Çocukluğu ve gençliği hakkında bilgiler çok sınırlıdır; bununla birlikte onun Türkistan piri Ahmed Yesevî çizgisine mensup derviş zümreleriyle beraberlik tesis ettiği, Yesevî’nin halifelerinden Kutbüddin Haydar’dan tasavvufî neşve aldığı muhakkak gibi görünmektedir. Aynı zamanda, çok muhtemelen, Bektaşlu adıyla anılan bir oymağın da reisi olmuştur. XIII. yüzyılda Cengiz istilası sebebiyle birçok Türkmen derviş zümresiyle birlikte Anadolu’ya gelerek Nevşehir-Kırşehir havalisindeki Sulucakarahöyük’e (bugünkü Hacıbektaş ilçesi) yerleşmiştir.
Hünkâr’ın 1239’da Baba İlyas ve Baba İshak önderliğinde gerçekleşen ve tarihe Babai Ayaklanması adıyla intikal eden isyana katılmadığı kesindir. İlgili kaynaklarda kardeşi Menteş’in bu isyana katıldığı ve öldürüldüğü ancak kendisinin bu isyanı iştirak etmediği kaydedilmektedir.

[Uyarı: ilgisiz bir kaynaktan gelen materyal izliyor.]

(* M is obtained from a pure meld T (of kind P) by replacing one or more of
   its cards by jokers: M = N ∪ J, N ⊆ T the cards kept, J a nonempty set of
   jokers (disjoint from N) filling the |T| - |N| remaining places. *)
Definition impure_of (P : pred {set rcard}) (w : 'I_4 * 'I_13) (M : {set rcard}) : bool :=
  [exists N : {set rcard}, exists J : {set rcard}, exists T : {set rcard},
    [&& M == N :|: J, [disjoint N & J], J != set0,
        J \subset [set c | jokerb w c], P T, N \subset T &
        #|N| + #|J| == #|T| ]].

Definition impure_seqb w M := impure_of pure_seqb w M.
Definition impure_setb w M := impure_of pure_setb w M.

Definition seqb w M := pure_seqb M || impure_seqb w M.

Definition meldb w M :=
  [|| pure_seqb M, impure_seqb w M, pure_setb M | impure_setb w M].

Definition declarableb (w : 'I_4 * 'I_13) (h : {set rcard}) : bool :=
  (#|h| == 13) &&
  [exists P : {set {set rcard}},
    [&& partition P h, [forall M in P, meldb w M] &
        [exists M1 in P, exists M2 in P,
           [&& M1 != M2, pure_seqb M1 & seqb w M2]]]].

Definition dist (h h' : {set rcard}) : nat := 13 - #|h :&: h'|.

(* MinDist(h, wcj) = min of d(h,h') over declarable h' (13 is a harmless
   default: d <= 13 always and declarable hands exist). *)
Definition MinDist (h : {set rcard}) (w : 'I_4 * 'I_13) : nat :=
  \big[minn/13]_(h' : {set rcard} | declarableb w h') dist h h'.

(* Write n_s for the number of cards of suit s in h; then n_s summed over the
   four suits, plus one if h holds the printed joker, is 13.  It suffices to
   build a declarable hand sharing five cards with h.
   - If some n_s >= 5, take all of suit s, split into the pure sequences A..6
     and 7..K.
   - Otherwise, if some n_s = 4, the other suits contribute at least 8 cards,
     so some n_t >= 3 and some further n_u >= 1; pure sequences of lengths 4,
     6 and 3 in suits s, t, u can be placed to catch 2, 2 and 1 cards of h.
   - Otherwise every n_s <= 3, so h holds the printed joker and every n_s = 3;
     a pure 6-sequence in one suit and a 6-sequence completed by the joker in
     another catch 2, 2 and 1 cards of h.
   The placements rest on a pigeonhole argument: m ranks of one suit always
   include two inside some window of k consecutive positions of A 2 .. K A
   once 12 <= k (m - 1). *)

From mathcomp Require Import all_boot all_order zify.
Import Order.TTheory.

Set Implicit Arguments.
Unset Strict Implicit.
Unset Printing Implicit Defensive.

Lemma cardsU_disjoint (T : finType) (A B : {set T}) :
  [disjoint A & B] -> #|A :|: B| = #|A| + #|B|.
Proof. by move=> AB; apply/eqP; rewrite (leq_card_setU A B).2. Qed.

Lemma cardsIUr_disjoint (T : finType) (h A B : {set T}) :
  [disjoint A & B] -> #|h :&: (A :|: B)| = #|h :&: A| + #|h :&: B|.
Proof.
by move=> AB; rewrite setIUr cardsU_disjoint // (disjointW (subsetIr h A) (subsetIr h B)).
Qed.

Lemma disjoint_setU (T : finType) (A B C : {set T}) :
  [disjoint A :|: B & C] = [disjoint A & C] && [disjoint B & C].
Proof. by rewrite -!setI_eq0 setIUl setU_eq0. Qed.

Lemma disjoint_neq (T : finType) (A B : {set T}) : A != set0 -> [disjoint A & B] -> A != B.
Proof. by move=> A0 AB; apply: contraTneq AB => <-; rewrite -setI_eq0 setIid. Qed.

Lemma partition_set1 (T : finType) (B : {set T}) : B != set0 -> partition [set B] B.
Proof.
move=> B0; rewrite -[B in partition _ B]setU0 -[[set B]]setU0.
by apply: partitionU1; rewrite ?partition_set0 // -setI_eq0 setI0.
Qed.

Sulucakarahöyük’te zaviyesini kuran ve kendine has İslami-tasavvufi öğretileri topluma sunarak irşat faaliyetlerini yürüten Hünkâr, bölgedeki Hristiyanlarla da temasa geçerek onların ihtidasına vesile olmuş yahut buna zemin hazırlamıştır.
Hayatının sonuna kadar burada kalan Hünkâr bir taraftan insanları irşat ederken bir taraftan da çok sayıda halife yetiştirerek bunları Anadolu’nun dört bir tarafına yollamıştır. Bazı farklı tarihler verilmekle beraber, daha güçlü olan kayda göre, Hünkâr 1271 yılında adı geçen yerde Hak’ka yürümüş ve oraya defnedilmiştir.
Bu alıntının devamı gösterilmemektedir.